作品紹介

「バガテル第1集」

Baatelles (Series I) for piano four hands, Op.19

作 曲:1870年7月28日 - 1877年10月
形 態:piano 4 ms
初 版:Fr. A. Urbanek, 1884 (U.196)
初 演:1884年12月17日(Praha, 2. koncert Mestanske)
    何故かVn + piano 2 ms の編成で演奏された。
    Violin: Ferdinand Lachner
献 呈:Jindrichovi of Kàanuv.

本作品の原題 [Malickosti] は「つまらない物・事」「些細な物・事」を表すチェコ語 "Malickost" の複数形。フランス語に由来する「バガテル」のチェコ語訳として採用したのだろう。
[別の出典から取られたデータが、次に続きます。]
Lemma EM_left_closed_left_Hopf : EM_left_closed_and_U_left_closed L T -> is_left_Hopf T.
Proof.
  move=> closed X Y.
  set B := tens X (BT T Y).
  have [H1 [h1 [e1 [[[h1_eta h1_mu] [e1_hom _]] [c1 [_ c1K]]]]]] :=
    closed (BT T Y) (Bmu T Y) (free_module T Y) (BT T B) (Bmu T B) (free_module T B).
  (* the free module map TX -> (H1,h1) extending the mate of η_{X ⊗ TY} *)
  set a := c1 ∘ curry L (Beta T B).
  set phi := h1 ∘ BTm T a.
  set G := e1 ∘ (phi ⊗ idm (BT T Y)).
  have phi_hom : is_mod_hom (Bmu T X) h1 phi.
  { rewrite /is_mod_hom /phi BTm_comp. right_assoc. rewrite_chain h1_mu. by rewrite Bmu_nat. }
  have G_hom : is_mod_hom (tens_act (Bmu T X) (Bmu T Y)) (Bmu T B) G.
  { apply: mod_hom_comp e1_hom. exact: tensm_mod_hom phi_hom (idm_mod_hom T _). }
  have G_eta : G ∘ (Beta T X ⊗ idm (BT T Y)) = Beta T B.
  { have phi_eta : phi ∘ Beta T X = a.
    { by rewrite /phi -comp_assoc Beta_nat comp_assoc h1_eta comp_idl. }
    rewrite /G -comp_assoc comp_tensm comp_idl phi_eta -(ev_curry_comp L) /a comp_assoc c1K comp_idl.
    exact: ev_curry. }
  exists G. split.
  - rewrite (free_hom_eq T (mod_hom_comp T _ _ _ _ _ (fusion_mod_hom T) G_hom)).
    by rewrite -(comp_assoc G) fusion_eta G_eta Bmu_etar.
  - have [H2 [h2 [e2 [[_ [_ e2_univ]] [c2 [c2K _]]]]]] :=
      closed (BT T Y) (Bmu T Y) (free_module T Y) (tens (BT T X) (BT T Y))
        (tens_act (Bmu T X) (Bmu T Y)) (tens_module T (free_module T X) (free_module T Y)).
    have [g1 [g1_hom [g1_e2 _]]] := e2_univ (BT T X) (Bmu T X) (free_module T X) _
      (mod_hom_comp T _ _ _ _ _ G_hom (fusion_mod_hom T)).
    have [g2 [g2_hom [g2_e2 _]]] := e2_univ (BT T X) (Bmu T X) (free_module T X) _
      (idm_mod_hom T _).
    have g_eta : g1 ∘ Beta T X = g2 ∘ Beta T X.
    { have curry_eq : curry L e2 ∘ (g1 ∘ Beta T X) = curry L e2 ∘ (g2 ∘ Beta T X).
      { rewrite !curry_comp !tensm_comp_idr (comp_assoc e2 (g1 ⊗ _)) (comp_assoc e2 (g2 ⊗ _)).
        by rewrite g1_e2 g2_e2 comp_idl -(comp_assoc (fusion T X Y)) G_eta fusion_eta. }
      have := f_equal (fun q => c2 ∘ q) curry_eq. by rewrite /= !comp_assoc c2K !comp_idl. }
    by rewrite -g1_e2 -g2_e2 (free_hom_eq T g1_hom) (free_hom_eq T g2_hom) g_eta.
Qed.

End LeftClosedModules.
Fibichには、ピアノ連弾の為の2つのバガテル集(本作とOp.48)があり、本作はその第1集に相当する。《ピアノ連弾の為のソナタ》変ロ長調 Op.28 がそうであるように、本作品の存在もまた、Fibichが優れたピアノ連弾曲作家でもあったことを示している。
この作品を献呈されたインジヒ・カーン・ズ・アルベストゥー [Jindrich Kaan z Albestu] はハンガリー貴族出身の作曲家で、プラハで活躍した。 FibichDvorak, Foerster 等と一緒に写真に収まったりもしているなど、親交のあった様子が伺える。
曲目は以下の通り:

  1. Valcik(ワルツ)
  2. 1001 noc(一千一夜(物語))
  3. * * *
  4. Rococco (Gavotte)(ガヴォット)

第1曲の「ワルツ」は、幾分大胆な不要和音を用いた、退廃的な雰囲気を持つ音楽。バスに与えられた装飾音の響きも洒落ていて面白い。

第3曲の奇妙なタイトルに就いては、初版の楽譜では"* * *"と記されているが、ZDENEK FIBICH TEMATICKY KATALOGでは、"xXx"と表記されている。後者の方が正しいとすると、「ローマ数字の30」と想像することも可能だが、恐らくそういう意味ではあるまい。
チェコの書籍(例えば"ZDENEK FIBICH SBORNIK DOKUMENTU A STUDII"等)では、章の区切りに " * "" * * * " というのが用いられる場合があることから、転じて暗に《間奏曲》であることを示唆したのかも知れない(但し、これは飽くまで推測の域を出ない)。実際この曲は、曲集中における緩徐楽章的な役割を担っている。
尚、カール・ルートヴィヒ・リヒター [Carl Ludwig Richter] は、「限りなく優しい、題名のない変イ長調の歌」 einen unendlich zarten Gesang ohne Namen in As-dur (*) と述べており、「題名なし」と捉えている。

第4曲《Rococco (Gavotte)》は、オルゴール風な音楽だが、その愛らしい楽想が非常に印象的である。
そのピアノ独奏版が、同じ年に書かれた、ピアノ独奏の為の《組曲》ト短調(遺作)の終曲《Gavotte》にもなっている。